As associações rurais têm um papel crucial na defesa dos direitos territoriais dos

agricultores, na promoção da transparência nas relações entre comunidades rurais e

empresas privadas, e na garantia do cumprimento das promessas feitas em benefício das

populações locais
CASO PORTUCEL
O caso da Portucel em Moçambique envolve a empresa portuguesa Portucel S.A., que

é uma das maiores produtoras de celulose e papel do mundo, e sua presença no país

africano para o estabelecimento de plantações de eucalipto destinadas à produção de

celulose.

O conflito em torno das operações da Portucel em Moçambique está relacionado a

questões como a aquisição de terras, o impacto ambiental das plantações de eucalipto,

os direitos das comunidades locais afectadas e as condições de trabalho nas plantações.

As comunidades locais e organizações da sociedade civil têm levantado preocupações

sobre a perda de terras agrícolas, o deslocamento de famílias, a contaminação da água e

a falta de consulta e consentimento livre, prévio e informado.


Caso Green Resources
A Green Resources é uma empresa norueguesa que atua na área de reflorestamento
e produção de madeira em vários países da África, incluindo Moçambique. No
entanto, a actuação da Green Resources em Moçambique tem sido objecto de
controvérsias e críticas, especialmente em relação aos direitos das comunidades
locais e ao impacto ambiental de suas operações.

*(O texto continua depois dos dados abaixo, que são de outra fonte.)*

Lemma rate_coef_match N M c a c' a' :
  (forall n m, (n < N)%nat -> (m < N)%nat -> n <> m -> a n <> a m) ->
  (forall n m, (n < M)%nat -> (m < M)%nat -> n <> m -> a' n <> a' m) ->
  (forall n, (n < N)%nat -> c n <> 0) ->
  (forall beta, rate_coef N c a beta = rate_coef M c' a' beta) ->
  forall n, (n < N)%nat -> exists m, (m < M)%nat /\ c n = c' m /\ a n = a' m.
Proof.
  intros Ha Ha' Hc Hcoef n Hn.
  specialize (Hcoef (a n)); rewrite rate_coef_rate in Hcoef by assumption.
  destruct (classic (exists m, (m < M)%nat /\ a' m = a n)) as [[m [Hm Ham]]|Hno].
  - exists m; rewrite <- Ham, rate_coef_rate in Hcoef by assumption; auto.
  - exfalso; apply (Hc n Hn); rewrite Hcoef.
    apply rate_coef_absent; intros j Hj E; apply Hno; eauto.
Qed.

Lemma MVT_is_derive f df a b : a < b -> (forall x, is_derive f x (df x)) ->
  exists c, a < c < b /\ f b - f a = df c * (b - a).
Proof.
  intros Hab Hd; destruct (MVT_cor2 f df a b Hab) as [c [Hmvt Hc]].
  - intros x _; apply is_derive_Reals, Hd.
  - eauto.
Qed.

Lemma null_derivative_eq f df x y :
  (forall z, is_derive f z (df z)) -> (forall z, df z = 0) -> f x = f y.
Proof.
  intros Hd H0; destruct (Rtotal_order x y) as [Hxy|[->|Hxy]]; [| reflexivity |];
    destruct (MVT_is_derive f df _ _ Hxy Hd) as [c [_ Hc]]; rewrite H0 in Hc; lra.
Qed.

Lemma is_derive_eq0 (f : R -> R) (x l : R) : is_derive f x l -> (forall y, f y = 0) -> l = 0.
Proof.
  intros Hd Hf; rewrite <- (is_derive_unique _ _ _ Hd).
  rewrite (Derive_ext f (fun _ => 0)) by exact Hf; apply Derive_const.
Qed.

Lemma is_derive_expsum M d b t :
  is_derive (expsum M d b) t (expsum M (fun j => d j * b j) b t).
Proof.
  induction M as [|M IH]; simpl.
  - apply (is_derive_const 0).
  - apply (is_derive_plus (expsum M d b) (fun t => d M * exp (b M * t))); [exact IH|].
    auto_derive; [exact I | ring].
Qed.

Lemma continuous_expsum M d b x : continuous (expsum M d b) x.
Proof. apply (@ex_derive_continuous R_AbsRing R_NormedModule); eexists; apply is_derive_expsum. Qed.

Lemma expsum_peel M d b e beta t :
  exp (- beta * t) * (expsum M d b t + e * exp (beta * t)) =
  expsum M d (fun j => b j - beta) t + e.
Proof.
  rewrite !expsum_rsum, Rmult_plus_distr_l, <- rsum_scal_l; f_equal.
  - apply rsum_ext; intros j _.
    replace ((b j - beta) * t) with (- beta * t + b j * t) by ring.
    rewrite exp_plus; ring.
  - replace (exp (- beta * t) * (e * exp (beta * t)))
      with (e * exp (- beta * t + beta * t)) by (rewrite exp_plus; ring).
    replace (- beta * t + beta * t) with 0 by ring.
    rewrite exp_0; ring.
Qed.

Lemma is_derive_peel M d b e beta t :
  is_derive (fun t => exp (- beta * t) * (expsum M d b t + e * exp (beta * t))) t
    (expsum M (fun j => d j * (b j - beta)) (fun j => b j - beta) t).
Proof.
  apply (is_derive_ext (fun t => expsum M d (fun j => b j - beta) t + e)).
  { intro u; symmetry; apply expsum_peel. }
  rewrite <- (Rplus_0_r (expsum M _ _ t)).
  apply (is_derive_plus (expsum M d (fun j => b j - beta)) (fun _ => e)).
  - apply is_derive_expsum.
  - apply (@is_derive_const R_AbsRing R_NormedModule).
Qed.

Definition chain_in (P : R -> Prop) (n : nat) : Prop :=
  exists s : nat -> R,
    (forall i, (S i < n)%nat -> s i < s (S i)) /\ (forall i, (i < n)%nat -> P (s i)).

Lemma chain_in_impl (P Q : R -> Prop) n :
  (forall x, P x -> Q x) -> chain_in P n -> chain_in Q n.
Proof. intros HPQ [s [Hs HP]]; exists s; split; auto. Qed.

Lemma chain_in_cons (P : R -> Prop) x0 n :
  P x0 -> chain_in (fun x => x0 < x /\ P x) n -> chain_in P (S n).
Proof.
  intros H0 [s [Hs HP]].
  exists (fun i => match i with O => x0 | S i => s i end); split.
  - intros [|i] Hi; [apply HP; lia | apply Hs; lia].
  - intros [|i] Hi; [exact H0 | apply HP; lia].
Qed.

Lemma chain_in_snoc (P : R -> Prop) y n :
  P y -> chain_in (fun x => P x /\ x < y) n -> chain_in P (S n).
Proof.
  intros Hy [s [Hs HP]].
  exists (fun i => if (i <? n)%nat then s i else y); split.
  - intros i Hi; destruct (Nat.ltb_spec i n); [|lia].
    destruct (Nat.ltb_spec (S i) n); [apply Hs | apply HP]; lia.
  - intros i Hi; destruct (Nat.ltb_spec i n); [apply HP; lia | exact Hy].
Qed.

Lemma chain_in_from_first (P : R -> Prop) n :
  chain_in P (S n) -> exists x0, P x0 /\ chain_in (fun x => x0 <= x /\ P x) (S n).
Proof.
  intros [s [Hs HP]]; exists (s 0%nat); split; [apply HP; lia|].
  exists s; split; [exact Hs|]; intros i Hi; split; [|auto].
  induction i as [|i IH]; [lra|].
  specialize (IH ltac:(lia)); specialize (Hs i Hi); lra.
Qed.

Lemma chain_in_rolle f df lo n : (forall x, is_derive f x (df x)) ->
  chain_in (fun x => lo <= x /\ f x = 0) (S n) ->
  chain_in (fun x => lo < x /\ df x = 0) n.
Proof.
  intros Hd [s [Hs Hz]].
  assert (Hroot : forall i, exists c, (i < n)%nat -> s i < c < s (S i) /\ df c = 0).
  { intro i; destruct (Nat.lt_ge_cases i n) as [Hi|Hi]; [|exists 0; intro; lia].
    assert (Hlt : s i < s (S i)) by (apply Hs; lia).
    destruct (MVT_is_derive f df _ _ Hlt Hd) as [c [Hc Hmvt]].
    exists c; intros _; split; [exact Hc|].
    rewrite (proj2 (Hz i ltac:(lia))), (proj2 (Hz (S i) ltac:(lia))) in Hmvt.
    destruct (Rmult_integral (df c) (s (S i) - s i)); [lra | assumption | lra]. }
  destruct (functional_choice _ Hroot) as [s' Hs'].
  exists s'; split.
  - intros i Hi; pose proof (Hs' i ltac:(lia)); pose proof (Hs' (S i) Hi); lra.
  - intros i Hi; destruct (Hs' i Hi), (Hz i ltac:(lia)); split; [lra | assumption].
Qed.

Lemma fin_argmax (z : nat -> R) n :
  exists m, (m <= n)%nat /\ forall j, (j <= n)%nat -> z j <= z m.
Proof.
  induction n as [|n [m [Hm Hmax]]].
  - exists 0%nat; split; [lia|]; intros j Hj; replace j with 0%nat by lia; lra.
  - destruct (Rle_dec (z m) (z (S n))).
    + exists (S n); split; [lia|]; intros j Hj.
      destruct (Nat.eq_dec j (S n)) as [->|]; [lra|].
      specialize (Hmax j ltac:(lia)); lra.
    + exists m; split; [lia|]; intros j Hj.
      destruct (Nat.eq_dec j (S n)) as [->|]; [lra | apply Hmax; lia].
Qed.

Lemma chain_in_of_injective (P : R -> Prop) n z :
  (forall i j, (i < n)%nat -> (j < n)%nat -> i <> j -> z i <> z j) ->
  (forall i, (i < n)%nat -> P (z i)) -> chain_in P n.
Proof.
  revert P z; induction n as [|n IH]; intros P z Hinj HP.
  - exists z; split; intros; lia.
  - destruct (fin_argmax z n) as [m [Hm Hmax]].
    assert (Hlt : forall i, (i <= n)%nat -> i <> m -> z i < z m).
    { intros i Hi Him; specialize (Hmax i Hi).
      assert (z i <> z m) by (apply Hinj; lia); lra. }
    apply (chain_in_snoc P (z m)); [apply HP; lia|].
    apply (IH _ (fun i => if Nat.eqb i m then z n else z i)).
    + intros i j Hi Hj Hij.
      destruct (Nat.eqb_spec i m), (Nat.eqb_spec j m); subst; try lia; apply Hinj; lia.
    + intros i Hi; destruct (Nat.eqb_spec i m) as [->|Him];
        (split; [apply HP; lia | apply Hlt; lia]).
Qed.

Lemma expsum_zeros_eq0 M d b :
  chain_in (fun x => expsum M d b x = 0) M -> forall t, expsum M d b t = 0.
Proof.
  revert d b; induction M as [|M IH]; intros d b Hz t; [reflexivity|].
  set (g := fun t => exp (- b M * t) * expsum (S M) d b t).
  set (dg := expsum M (fun j => d j * (b j - b M)) (fun j => b j - b M)).
  assert (Hdg : forall x, is_derive g x (dg x)) by (intro; apply is_derive_peel).
  destruct (chain_in_from_first _ _ Hz) as [x0 [Hx0 Hz0]].
  assert (Hg : chain_in (fun x => x0 <= x /\ g x = 0) (S M)).
  { refine (chain_in_impl _ _ _ _ Hz0); intros x [Hx Hfx]; split; [exact Hx|].
    unfold g; rewrite Hfx; ring. }
  assert (Hdg0 : forall x, dg x = 0).
  { apply IH; refine (chain_in_impl _ _ _ _ (chain_in_rolle g dg x0 M Hdg Hg)).
    intros x [_ Hx]; exact Hx. }
  pose proof (null_derivative_eq g dg t x0 Hdg Hdg0) as Hconst.
  unfold g in Hconst; rewrite Hx0, Rmult_0_r in Hconst.
  destruct (Rmult_integral _ _ Hconst); [|assumption].
  pose proof (exp_pos (- b M * t)); lra.
Qed.

Lemma rate_coef_eq0 M d b :
  (forall t, expsum M d b t = 0) -> forall beta, rate_coef M d b beta = 0.
Proof.
  revert d b; induction M as [|M IH]; intros d b Hz beta; [reflexivity|].
  destruct (classic (exists k, (k <= M)%nat /\ b k <> beta)) as [[k [Hk Hbk]]|Hall].
  - set (d' := fun j => d (bump k j)); set (b' := fun j => b (bump k j)).
    assert (Hdg : forall t,
      expsum M (fun j => d' j * (b' j - b k)) (fun j => b' j - b k) t = 0).
    { intro t; apply (is_derive_eq0 _ t _ (is_derive_peel M d' b' (d k) (b k) t)).
      intro u; unfold d', b'; rewrite <- (expsum_bump M d b k u Hk), Hz; ring. }
    pose proof (IH _ _ Hdg (beta - b k)) as Hc; rewrite rate_coef_shift in Hc.
    rewrite (rate_coef_bump M d b k) by exact Hk; fold d' b'.
    destruct (Req_EM_T (b k) beta); [contradiction|].
    destruct (Rmult_integral _ _ Hc); lra.
  - rewrite rate_coef_single_rate; [apply Hz|].
    intros j Hj; apply NNPP; intro Hne; apply Hall; exists j; split; [lia | exact Hne].
Qed.

Definition iter_int (f : R -> R) (k : nat) : R -> R :=
  match k with O => f | S k => iint f k end.

Lemma is_derive_RInt_from0 (f : R -> R) (x : R) :
  (forall y, continuous f y) -> is_derive (RInt f 0) x (f x).
Proof.
  intros Hf; apply (is_derive_RInt f (RInt f 0) 0 x); [|apply Hf].
  apply filter_forall; intro y.
  apply (@RInt_correct R_CompleteNormedModule), (@ex_RInt_continuous R_CompleteNormedModule).
  intros; apply Hf.
Qed.

Lemma is_derive_iter_int f : (forall x, continuous f x) ->
  forall k x, is_derive (iter_int f (S k)) x (iter_int f k x).
Proof.
  intros Hf; induction k as [|k IH]; intro x.
  - exact (is_derive_RInt_from0 f x Hf).
  - apply (is_derive_RInt_from0 (iter_int f (S k))).
    intro y; apply (@ex_derive_continuous R_AbsRing R_NormedModule); eexists; apply IH.
Qed.

Lemma iter_int_S_at0 f k : iter_int f (S k) 0 = 0.
Proof. destruct k; apply (@RInt_point R_CompleteNormedModule). Qed.

Lemma chain_in_descend (G : nat -> R -> R) lo n m :
  (forall k x, is_derive (G (S k)) x (G k x)) -> (forall k, G (S k) lo = 0) ->
  chain_in (fun x => lo <= x /\ G (S m) x = 0) (S n) ->
  chain_in (fun x => lo < x /\ G 0%nat x = 0) n.
Proof.
  intros Hd H0; induction m as [|m IH]; intro Hz.
  - exact (chain_in_rolle _ _ lo n (Hd 0%nat) Hz).
  - apply IH, (chain_in_cons _ lo); [split; [lra | apply H0]|].
    refine (chain_in_impl _ _ _ _ (chain_in_rolle _ _ lo n (Hd (S m)) Hz)).
    intros x [Hx Hgx]; repeat split; [lra | lra | exact Hgx].
Qed.

Theorem corollary4 (N : nat) (HN : (1 <= N)%nat)
  (c a c' a' : nat -> R) (t : nat -> R)
  (Ha_nz : forall n, (n < N)%nat -> a n <> 0)
  (Ha_inj : forall n m, (n < N)%nat -> (m < N)%nat -> n <> m -> a n <> a m)
  (Hc_nz : forall n, (n < N)%nat -> c n <> 0)
  (Ha'_nz : forall n, (n < N)%nat -> a' n <> 0)
  (Ha'_inj : forall n m, (n < N)%nat -> (m < N)%nat -> n <> m -> a' n <> a' m)
  (Hc'_nz : forall n, (n < N)%nat -> c' n <> 0)
  (Ht_nonneg : forall i, (i < 2 * N + 1)%nat -> 0 <= t i)
  (Ht_inj : forall i j, (i < 2 * N + 1)%nat -> (j < 2 * N + 1)%nat ->
             i <> j -> t i <> t j)
  (Hf : forall i, (i < 2 * N)%nat ->
          expsum N c a (t i) = expsum N c' a' (t i))
  (HI : forall k i, (1 <= k <= N)%nat -> (i < 2 * N + 1)%nat ->
          iint (expsum N c a) k (t i) = iint (expsum N c' a') k (t i)) :
  (forall n, (n < N)%nat -> exists m, (m < N)%nat /\ c n = c' m /\ a n = a' m) /\
  (forall m, (m < N)%nat -> exists n, (n < N)%nat /\ c n = c' m /\ a n = a' m).
Proof.
  set (G := fun k x => iter_int (expsum N c a) k x - iter_int (expsum N c' a') k x).
  assert (HG : forall k x, is_derive (G (S k)) x (G k x)).
  { intros k x.
    apply (is_derive_minus (iter_int (expsum N c a) (S k)) (iter_int (expsum N c' a') (S k)));
      apply is_derive_iter_int, continuous_expsum. }
  assert (HG0 : forall k, G (S k) 0 = 0).
  { intro k; unfold G; rewrite !iter_int_S_at0; ring. }
  assert (Hzeros : chain_in (fun x => 0 <= x /\ G (S N) x = 0) (S (2 * N))).
  { apply (chain_in_of_injective _ _ t); [intros i j Hi Hj; apply Ht_inj; lia|].
    intros i Hi; split; [apply Ht_nonneg; lia|].
    unfold G; simpl; rewrite (HI N i) by lia; ring. }
  assert (Hdiff : forall x,
    expsum (N + N) (glue N c (fun j => - c' j)) (glue N a a') x = 0).
  { apply expsum_zeros_eq0, (chain_in_impl (fun x => 0 < x /\ G 0%nat x = 0)).
    - intros x [_ Hx]; rewrite <- expsum_sub; exact Hx.
    - replace (N + N)%nat with (2 * N)%nat by lia.
      exact (chain_in_descend G 0 (2 * N) N HG HG0 Hzeros). }
  assert (Hcoef : forall beta, rate_coef N c a beta = rate_coef N c' a' beta).
  { intro beta; apply Rminus_diag_uniq; rewrite rate_coef_sub.
    exact (rate_coef_eq0 _ _ _ Hdiff beta). }
  split; [exact (rate_coef_match N N c a c' a' Ha_inj Ha'_inj Hc_nz Hcoef)|].
  intros m Hm.
  destruct (rate_coef_match N N c' a' c a Ha'_inj Ha_inj Hc'_nz
              (fun beta => eq_sym (Hcoef beta)) m Hm) as [n [Hn [Hcn Han]]].
  exists n; auto.
Qed.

Alguns dos principais pontos de controvérsia envolvendo a Green Resources em


Moçambique incluem:
• Conflitos de terra: Há relatos de que a Green Resources teria obtido
concessões de terra em Moçambique sem o consentimento adequado das
comunidades locais ou sem garantir que essas comunidades fossem devidamente
compensadas pelos impactos em suas terras e meios de subsistência.
Cont.
• Impacto ambiental: A expansão das plantações florestais da Green
Resources pode ter impactos negativos sobre os ecossistemas locais,
incluindo a perda de biodiversidade, a degradação do solo e a
escassez de recursos hídricos.
• Condições de trabalho: condições de trabalho nas plantações da
Green Resources em Moçambique, com relatos de baixos salários,
longas jornadas de trabalho e falta de condições adequadas de
segurança e saúde para os trabalhadores.